Uber Bets Big on NVIDIA for Robotaxi Domination

In a move that screams “the future is finally getting a business plan,” NVIDIA and Uber announced a partnership at GTC Washington D.C. to deploy one of the world’s largest Level 4 autonomous vehicle networks. The ambitious plan involves scaling up to 100,000 robotaxis and autonomous delivery vehicles, with the rollout starting in 2027. Kicking things off, automotive giant Stellantis is on deck to supply the first 5,000 L4 vehicles for Uber’s robotaxi operations.

The brains of this massive operation will be NVIDIA’s DRIVE AGX Hyperion 10 platform, a production-ready reference architecture designed to make just about any vehicle L4-ready. This isn’t just a beefed-up cruise control system; the platform is built around two DRIVE AGX Thor SoCs based on the Blackwell architecture, processing a firehose of data from a sensor suite including 14 cameras, nine radars, and one lidar. This gives vehicles the computational grunt to handle complex urban driving without a human babysitter, fusing sensor data to navigate the unpredictable chaos of city streets. Uber’s grand strategy is to create a single, unified ride-hailing network where your car might be driven by a human or a silicon brain with more teraflops than you can shake a stick at.

A transparent view of a car showing the NVIDIA DRIVE AGX Hyperion 10 wiring and sensor suite, next to a smartphone running the Uber app.

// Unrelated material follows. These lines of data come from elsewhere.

(* Let $S$ be a $\Gamma$-hemiring. If $\mu$ is a prime fuzzy h-ideal of $S$ and $x\in S$ with $x\notin\mu_0$, then $\langle x,\mu\rangle=\mu$. Conversely, let $\mu$ be a fuzzy h-ideal of $S$ with $\operatorname{Im}\mu=\{1,t\}$ for some $t\in[0,1)$; if $\langle x,\mu\rangle=\mu$ for every $x\in S$ with $\mu(x)=t$, then $\mu$ is a prime fuzzy h-ideal of $S$.
   Context: A $\Gamma$-hemiring is a pair of additive commutative semigroups with zero $S$ and $\Gamma$ with a map $S\times\Gamma\times S\to S$, $(a,\alpha,b)\mapsto a\alpha b$, such that for all $a,b,c\in S$, $\alpha,\beta\in\Gamma$: $(a+b)\alpha c=a\alpha c+b\alpha c$; $a\alpha(b+c)=a\alpha b+a\alpha c$; $a(\alpha+\beta)b=a\alpha b+a\beta b$; $a\alpha(b\beta c)=(a\alpha b)\beta c$; $0\alpha a=0=a\alpha0$; $a0b=0=b0a$. A fuzzy h-ideal of $S$ is a map $\mu:S\to[0,1]$, not identically $0$, such that for all $x,y,a,b,z\in S$, $\gamma\in\Gamma$: $\mu(x+y)\ge\min\{\mu(x),\mu(y)\}$; $\mu(x\gamma y)\ge\mu(x)$ and $\mu(x\gamma y)\ge\mu(y)$; $x+a+z=b+z$ implies $\mu(x)\ge\min\{\mu(a),\mu(b)\}$. For fuzzy subsets $\sigma,\theta$, the h-product is $(\sigma\Gamma_h\theta)(x)=\sup\min\{\sigma(a_1),\sigma(a_2),\theta(b_1),\theta(b_2)\}$, the supremum over all $z,a_1,a_2,b_1,b_2\in S$, $\gamma,\delta\in\Gamma$ with $x+a_1\gamma b_1+z=a_2\delta b_2+z$, and $0$ if no such expression exists. Inclusion means pointwise $\le$. A fuzzy h-ideal $\mu$ is prime if it is not constant and for any fuzzy h-ideals $\sigma,\theta$, $\sigma\Gamma_h\theta\subseteq\mu$ implies $\sigma\subseteq\mu$ or $\theta\subseteq\mu$. $\mu_0=\{x\in S:\mu(x)=\mu(0)\}$; $\operatorname{Im}\mu$ is the image of $\mu$. The extension of $\mu$ by $x$ is $\langle x,\mu\rangle(y)=\inf_{s\in S,\ \alpha,\gamma\in\Gamma}\mu(x\alpha s\gamma y)$. *)

From HB Require Import structures.
From mathcomp Require Import all_boot all_order all_algebra.
From mathcomp Require Import boolp classical_sets reals.
Set Implicit Arguments. Unset Strict Implicit. Unset Printing Implicit Defensive.
Import Order.TTheory GRing.Theory Num.Theory.
Local Open Scope classical_set_scope.
Local Open Scope ring_scope.

Record GammaHemiring := {
  carS : Type;
  carG : Type;
  addS : carS -> carS -> carS;
  zeroS : carS;
  addG : carG -> carG -> carG;
  zeroG : carG;
  tmul : carS -> carG -> carS -> carS;
  addSA : forall a b c, addS a (addS b c) = addS (addS a b) c;
  addSC : forall a b, addS a b = addS b a;
  add0S : forall a, addS zeroS a = a;
  addGA : forall a b c, addG a (addG b c) = addG (addG a b) c;
  addGC : forall a b, addG a b = addG b a;
  add0G : forall a, addG zeroG a = a;
  tmulDl : forall a b c (al : carG), tmul (addS a b) al c = addS (tmul a al c) (tmul b al c);
  tmulDr : forall a b c (al : carG), tmul a al (addS b c) = addS (tmul a al b) (tmul a al c);
  tmulDm : forall a b (al be : carG), tmul a (addG al be) b = addS (tmul a al b) (tmul a be b);
  tmulA : forall a b c (al be : carG), tmul a al (tmul b be c) = tmul (tmul a al b) be c;
  tmul0l : forall a (al : carG), tmul zeroS al a = zeroS;
  tmul0r : forall a (al : carG), tmul a al zeroS = zeroS;
  tmul0m : forall a b, tmul a zeroG b = zeroS /\ tmul b zeroG a = zeroS
}.

Section Fuzzy.
Variables (R : realType) (H : GammaHemiring).
Local Notation S := (carS H).
Local Notation Gm := (carG H).
Local Notation sadd := (@addS H).
Local Notation mul := (@tmul H).

Definition fuzzy_subset (mu : S -> R) : Prop := forall x, 0 <= mu x <= 1.

Definition fuzzy_h_ideal (mu : S -> R) : Prop :=
  [/\ fuzzy_subset mu,
      exists x, mu x <> 0,
      forall x y, Num.min (mu x) (mu y) <= mu (sadd x y),
      forall x y (g : Gm), mu x <= mu (mul x g y) /\ mu y <= mu (mul x g y)
    & forall x a b z, sadd (sadd x a) z = sadd b z -> Num.min (mu a) (mu b) <= mu x].

Definition hprod_vals (sigma theta : S -> R) (x : S) : set R :=
  [set r | exists z a1 a2 b1 b2 (g d : Gm),
       sadd (sadd x (mul a1 g b1)) z = sadd (mul a2 d b2) z /\
       r = Num.min (Num.min (sigma a1) (sigma a2)) (Num.min (theta b1) (theta b2))].

Definition hprod (sigma theta : S -> R) (x : S) : R :=
  if `[< hprod_vals sigma theta x !=set0 >] then sup (hprod_vals sigma theta x) else 0.

Definition fsub (sigma mu : S -> R) : Prop := forall x, sigma x <= mu x.

Definition prime_fuzzy_h_ideal (mu : S -> R) : Prop :=
  [/\ fuzzy_h_ideal mu,
      ~ (exists c, forall x, mu x = c)
    & forall sigma theta, fuzzy_h_ideal sigma -> fuzzy_h_ideal theta ->
        fsub (hprod sigma theta) mu -> fsub sigma mu \/ fsub theta mu].

Definition fext (x : S) (mu : S -> R) : S -> R :=
  fun y => inf [set r | exists s (al ga : Gm), r = mu (mul (mul x al s) ga y)].
End Fuzzy.

From HB Require Import structures.
From mathcomp Require Import all_boot all_order all_algebra.
From mathcomp Require Import boolp classical_sets reals.
Set Implicit Arguments. Unset Strict Implicit. Unset Printing Implicit Defensive.
Import Order.TTheory GRing.Theory Num.Theory.
Local Open Scope classical_set_scope.
Local Open Scope ring_scope.

(* For a prime [mu] and [x] with [mu x <> mu 0], take [theta = <x, mu>] and
   [sigma] the indicator (with height [mu 0]) of the residual
   [(mu : theta) = {a | a Gamma theta <= mu}], an h-ideal.  Then
   [sigma Gamma_h theta <= mu], so primality gives [theta <= mu], whence
   [theta = mu] because [mu <= <x, mu>] always; or [sigma <= mu], which says
   [mu (x g s) = mu 0] for all [g, s], and primality applied once more to the
   residual [(mu : mu 0)] gives [mu x = mu 0].
   Conversely, if [sigma a > mu a] and [theta b > mu b] then [mu a] and
   [mu b] are below [1], so [mu a = mu b = t] and [<a, mu> b = mu b] is
   below [min (sigma a) (theta b)]; hence so is [mu w] for some
   [w = a al s ga b], while [(sigma Gamma_h theta) w >= min (sigma a) (theta b)]. *)

Section FuzzyHIdeals.
Variables (R : realType) (H : GammaHemiring).
Local Notation S := (carS H).
Local Notation sadd := (@addS H).
Local Notation mul := (@tmul H).
Local Notation z0 := (@zeroS H).
Local Notation g0 := (@zeroG H).
Implicit Types (mu nu sg th : S -> R) (P : S -> Prop) (c t : R).

Lemma fuzzy_h_ideal_ge0 mu y : fuzzy_h_ideal mu -> 0 <= mu y.
Proof. by case=> /(_ y) /andP[]. Qed.

Lemma fuzzy_h_ideal_le1 mu y : fuzzy_h_ideal mu -> mu y <= 1.
Proof. by case=> /(_ y) /andP[]. Qed.

Lemma fuzzy_h_ideal_mulr mu a g b : fuzzy_h_ideal mu -> mu a <= mu (mul a g b).
Proof. by case=> _ _ _ /(_ a b g) []. Qed.

Lemma fuzzy_h_ideal_mull mu a g b : fuzzy_h_ideal mu -> mu b <= mu (mul a g b).
Proof. by case=> _ _ _ /(_ a b g) []. Qed.

Lemma fuzzy_h_ideal_le0 mu y : fuzzy_h_ideal mu -> mu y <= mu z0.
Proof. by move/(fuzzy_h_ideal_mull z0 g0 y); rewrite tmul0l. Qed.

Lemma fuzzy_h_ideal_at0 mu : fuzzy_h_ideal mu -> 0 < mu z0 <= 1.
Proof.
move=> hmu; rewrite fuzzy_h_ideal_le1 // andbT.
have [_ [y /eqP muy] _ _ _] := hmu.
by apply: lt_le_trans (fuzzy_h_ideal_le0 y hmu); rewrite lt_neqAle eq_sym muy
  fuzzy_h_ideal_ge0.
Qed.

Lemma cst_h_ideal c : 0 < c <= 1 -> fuzzy_h_ideal (fun _ : S => c).
Proof.
by move=> /andP[c0 c1]; split=> [x||x y|x y g|x a b z _];
  rewrite ?minxx ?(ltW c0) //; exists z0; apply/eqP; rewrite gt_eqF.
Qed.

Definition h_ideal_set P : Prop :=
  [/\ P z0,
      forall a b, P a -> P b -> P (sadd a b),
      forall a g b, P a \/ P b -> P (mul a g b)
    & forall x a b z, sadd (sadd x a) z = sadd b z -> P a -> P b -> P x].

Definition findicator P c : S -> R := fun a => if `[< P a >] then c else 0.

Lemma findicator_h_ideal P c : 0 < c <= 1 -> h_ideal_set P ->
  fuzzy_h_ideal (findicator P c).
Proof.
move=> /andP[c0 c1] [P0 PD PM Ph]; rewrite /findicator.
have le_c (b : bool) : (if b then c else 0) <= c by case: b; rewrite ?lexx ?ltW.
split.
- by move=> x; case: asboolP; rewrite ?lexx ?ler01 ?(ltW c0).
- by exists z0; rewrite asboolT //; apply/eqP; rewrite gt_eqF.
- move=> x y; case: (asboolP (P (sadd x y))) => Pxy; first by rewrite ge_min le_c.
  by case: (asboolP (P x)) => Px; case: (asboolP (P y)) => Py;
    rewrite ?minxx ?ge_min ?lexx ?orbT //; case: Pxy; apply: PD.
- move=> x y g; case: (asboolP (P (mul x g y))) => Pxy; first by rewrite !le_c.
  by split; [case: (asboolP (P x)) => Pu | case: (asboolP (P y)) => Pu];
    rewrite ?lexx //; case: Pxy; apply: PM; [left | right].
- move=> x a b z E; case: (asboolP (P x)) => Px; first by rewrite ge_min le_c.
  by case: (asboolP (P a)) => Pa; case: (asboolP (P b)) => Pb;
    rewrite ?minxx ?ge_min ?lexx ?orbT //; case: Px; apply: Ph E Pa Pb.
Qed.

Definition fquot mu nu (a : S) : Prop := forall g b, nu b <= mu (mul a g b).

Lemma fquot_h_ideal_set mu nu : fuzzy_h_ideal mu -> fuzzy_h_ideal nu ->
  (forall b, nu b <= mu z0) -> h_ideal_set (fquot mu nu).
Proof.
move=> hmu hnu nu_le; have [_ _ mu_add _ mu_h] := hmu; split.
- by move=> g b; rewrite tmul0l.
- move=> a1 a2 P1 P2 g b; rewrite tmulDl; apply: le_trans (mu_add _ _).
  by rewrite le_min P1 P2.
- move=> a g' d [Pa | Pd] g b; rewrite -tmulA.
    exact: le_trans (fuzzy_h_ideal_mull _ _ _ hnu) (Pa _ _).
  exact: le_trans (Pd g b) (fuzzy_h_ideal_mull _ _ _ hmu).
- move=> x a b z E Pa Pb g w.
  have := congr1 (fun u => mul u g w) E; rewrite /= !tmulDl => Ew.
  by apply: le_trans (mu_h _ _ _ _ Ew); rewrite le_min Pa Pb.
Qed.

Lemma fsub_hprod mu sg th : fuzzy_h_ideal mu ->
  (forall a g b, Num.min (sg a) (th b) <= mu (mul a g b)) ->
  fsub (hprod sg th) mu.
Proof.
move=> hmu prod_le w; have [_ _ _ _ mu_h] := hmu; rewrite /hprod.
case: asboolP => [vals_ne|_]; last exact: fuzzy_h_ideal_ge0.
apply: ge_sup => // _ [z [a1 [a2 [b1 [b2 [g [d [E ->]]]]]]]].
apply: le_trans (mu_h _ _ _ _ E); rewrite le_min.
by rewrite !(le_trans _ (prod_le _ _ _)) // le_min !ge_min !lexx !orbT.
Qed.

Lemma hprod_ge_mul sg th a g b : fuzzy_h_ideal sg ->
  Num.min (sg a) (th b) <= hprod sg th (mul a g b).
Proof.
move=> hsg; set v := Num.min (Num.min (sg z0) (sg a)) (Num.min (th b) (th b)).
have v_in : hprod_vals sg th (mul a g b) v.
  exists z0, z0, a, b, b, g, g; split => //.
  by rewrite tmul0l [sadd _ z0]addSC add0S.
have -> : Num.min (sg a) (th b) = v.
  by rewrite /v minxx; congr Num.min; apply/esym/min_idPr/fuzzy_h_ideal_le0.
rewrite /hprod asboolT; last by exists v.
apply: ub_le_sup => //; exists 1 => _ [z [a1 [a2 [b1 [b2 [g' [d [_ ->]]]]]]]].
by rewrite !ge_min fuzzy_h_ideal_le1.
Qed.

Lemma prime_fquot mu nu : prime_fuzzy_h_ideal mu -> fuzzy_h_ideal nu ->
  (forall b, nu b <= mu z0) ->
  fsub nu mu \/ (forall a, fquot mu nu a -> mu a = mu z0).
Proof.
move=> [hmu _ mu_prime] hnu nu_le.
set sg := findicator (fquot mu nu) (mu z0).
have hsg : fuzzy_h_ideal sg.
  by apply: findicator_h_ideal; [exact: fuzzy_h_ideal_at0 | exact: fquot_h_ideal_set].
have : fsub (hprod sg nu) mu.
  apply: fsub_hprod => // a g b; rewrite /sg /findicator.
  case: asboolP => [Pa | _]; first by rewrite ge_min Pa orbT.
  by rewrite ge_min fuzzy_h_ideal_ge0.
case/(mu_prime _ _ hsg hnu) => [sg_sub | ]; [right | by left].
move=> a Pa; apply/eqP; rewrite eq_le fuzzy_h_ideal_le0 //.
by have := sg_sub a; rewrite /sg /findicator asboolT.
Qed.

Lemma prime_eq_at0 mu a : prime_fuzzy_h_ideal mu ->
  (forall g b, mu z0 <= mu (mul a g b)) -> mu a = mu z0.
Proof.
move=> pmu Pa; have [hmu _ _] := pmu; have h0 := fuzzy_h_ideal_at0 hmu.
case: (prime_fquot pmu (cst_h_ideal h0) (fun=> lexx _)) => [/(_ a) mu0_le | ].
  by apply/eqP; rewrite eq_le mu0_le fuzzy_h_ideal_le0.
exact.
Qed.

Lemma fext_ne mu x y :
  [set r | exists s al ga, r = mu (mul (mul x al s) ga y)] !=set0.
Proof. by exists (mu (mul (mul x g0 z0) g0 y)), z0, g0, g0. Qed.

Lemma fext_le mu x y s al ga : fuzzy_h_ideal mu ->
  fext x mu y <= mu (mul (mul x al s) ga y).
Proof.
move=> hmu; apply: ge_inf; last by exists s, al, ga.
by exists 0 => _ [s' [al' [ga' ->]]]; apply: fuzzy_h_ideal_ge0.
Qed.

Lemma fext_ge mu x y c : (forall s al ga, c <= mu (mul (mul x al s) ga y)) ->
  c <= fext x mu y.
Proof. by move=> c_le; apply: lb_le_inf (fext_ne _ _ _) _ => _ [s [al [ga ->]]]. Qed.

Lemma fext_lt mu x y c : fext x mu y < c ->
  exists s al ga, mu (mul (mul x al s) ga y) < c.
Proof. by case/(inf_lt (fext_ne _ _ _)) => _ [s [al [ga ->]]]; exists s, al, ga. Qed.

Lemma le_fext mu x y : fuzzy_h_ideal mu -> mu y <= fext x mu y.
Proof. by move=> hmu; apply: fext_ge => s al ga; apply: fuzzy_h_ideal_mull. Qed.

Lemma fext_h_ideal mu x : fuzzy_h_ideal mu -> fuzzy_h_ideal (fext x mu).
Proof.
move=> hmu; have [_ [y0 muy0] mu_add _ mu_h] := hmu.
have min_fext_le y1 y2 s al ga :
    Num.min (fext x mu y1) (fext x mu y2) <=
    Num.min (mu (mul (mul x al s) ga y1)) (mu (mul (mul x al s) ga y2)).
  by rewrite le_min !ge_min !fext_le ?orbT.
split.
- move=> y; rewrite (le_trans (fext_le x y z0 g0 g0 hmu)) ?fuzzy_h_ideal_le1 //.
  by rewrite andbT fext_ge // => s al ga; apply: fuzzy_h_ideal_ge0.
- exists y0; apply/eqP; rewrite gt_eqF // (lt_le_trans _ (le_fext x y0 hmu)) //.
  by rewrite lt_neqAle eq_sym fuzzy_h_ideal_ge0 // andbT; apply/eqP.
- move=> y1 y2; apply: fext_ge => s al ga; rewrite tmulDr.
  exact: le_trans (min_fext_le _ _ s al ga) (mu_add _ _).
- move=> y1 y2 g; split; apply: fext_ge => s al ga; rewrite tmulA.
    exact: le_trans (fext_le _ _ _ _ _ hmu) (fuzzy_h_ideal_mulr _ _ _ hmu).
  by rewrite -[mul (mul x al s) ga y1]tmulA fext_le.
- move=> y a b z E; apply: fext_ge => s al ga.
  have := congr1 (mul (mul x al s) ga) E; rewrite !tmulDr => Ew.
  exact: le_trans (min_fext_le _ _ s al ga) (mu_h _ _ _ _ Ew).
Qed.

Lemma prime_fext_id mu x : prime_fuzzy_h_ideal mu -> mu x <> mu z0 ->
  fext x mu = mu.
Proof.
move=> pmu mux; have [hmu _ _] := pmu; have hext := fext_h_ideal x hmu.
have ext_le0 b : fext x mu b <= mu z0.
  exact: le_trans (fext_le x b z0 g0 g0 hmu) (fuzzy_h_ideal_le0 _ hmu).
case: (prime_fquot pmu hext ext_le0) => [ext_sub | quot_at0].
  by apply/funext => y; apply/eqP; rewrite eq_le ext_sub le_fext.
case: mux; apply: prime_eq_at0 => // g s.
by rewrite quot_at0 // => al y; apply: fext_le.
Qed.

Lemma not_fsub_hprod mu sg th a b : fuzzy_h_ideal sg ->
  fext a mu b < Num.min (sg a) (th b) -> ~ fsub (hprod sg th) mu.
Proof.
move=> hsg /fext_lt [s [al [ga mu_lt]]] /(_ (mul (mul a al s) ga b)).
apply/negP; rewrite -ltNge (lt_le_trans mu_lt) // (le_trans _ (hprod_ge_mul _ _ _ _ hsg)) //.
by rewrite le_min !ge_min lexx fuzzy_h_ideal_mulr ?orbT.
Qed.

Lemma prime_of_fext_id mu t : fuzzy_h_ideal mu -> t < 1 ->
  range mu = [set 1; t] -> (forall x, mu x = t -> fext x mu = mu) ->
  prime_fuzzy_h_ideal mu.
Proof.
move=> hmu t1 rmu ext_id.
have mu_lt1 a : mu a < 1 -> mu a = t.
  have : range mu (mu a) by exists a.
  by rewrite rmu => -[-> | ->]; rewrite ?ltxx.
split => //.
  move=> [c mu_cst]; have : range mu 1 by rewrite rmu; left.
  have : range mu t by rewrite rmu; right.
  by move=> [a _ mua] [b _ mub]; move: t1; rewrite -mua -mub !mu_cst ltxx.
move=> sg th hsg hth sub.
case: (pselect (fsub sg mu)) => [|/existsNP [a /negP]]; first by left.
case: (pselect (fsub th mu)) => [|/existsNP [b /negP]]; first by right.
rewrite -!ltNge => lt_b lt_a; exfalso.
have mua : mu a = t by apply/mu_lt1/(lt_le_trans lt_a)/fuzzy_h_ideal_le1.
have mub : mu b = t by apply/mu_lt1/(lt_le_trans lt_b)/fuzzy_h_ideal_le1.
apply: (not_fsub_hprod (a := a) (b := b) hsg _ sub).
by rewrite ext_id // lt_min lt_b mub -mua lt_a.
Qed.

End FuzzyHIdeals.

Theorem theorem3p21 (R : realType) (H : GammaHemiring) :
  (forall mu : carS H -> R, prime_fuzzy_h_ideal mu ->
     forall x : carS H, mu x <> mu (@zeroS H) -> fext x mu = mu) /\
  (forall (mu : carS H -> R) (t : R), fuzzy_h_ideal mu ->
     0 <= t < 1 -> range mu = [set 1; t] ->
     (forall x : carS H, mu x = t -> fext x mu = mu) ->
     prime_fuzzy_h_ideal mu).
Proof.
split=> [mu pmu x | mu t hmu /andP[_ t1]]; first exact: prime_fext_id.
exact: prime_of_fext_id.
Qed.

This isn’t just an exclusive club. The partnership extends across a growing ecosystem, with Lucid and Mercedes-Benz also leveraging the DRIVE Hyperion platform for their own L4 ambitions. The autonomous trucking sector is also getting a piece of the action, with companies like Aurora, Volvo Autonomous Solutions, and Waabi developing L4 trucks on NVIDIA’s hardware. To feed the AI models required for this scale, NVIDIA and Uber are also developing a joint “data factory” using the NVIDIA Cosmos platform to process the millions of hours of driving data needed for training and validation.

Why is this important?

This partnership signals a critical shift from scattered, localized autonomous vehicle pilots to a concerted effort at mass-scale industrialization. By combining a standardized, high-performance computing platform (NVIDIA) with a massive global mobility network (Uber) and a legacy automotive manufacturer (Stellantis), the pieces are being set for the widespread commercialization of robotaxis. It suggests the industry is moving past the “is it possible?” phase and into the far more complicated “how do we make this profitable and scalable?” phase. For cities, commuters, and a legion of human drivers, the robotaxi apocalypse—or utopia, depending on your point of view—just got a firm date on the calendar.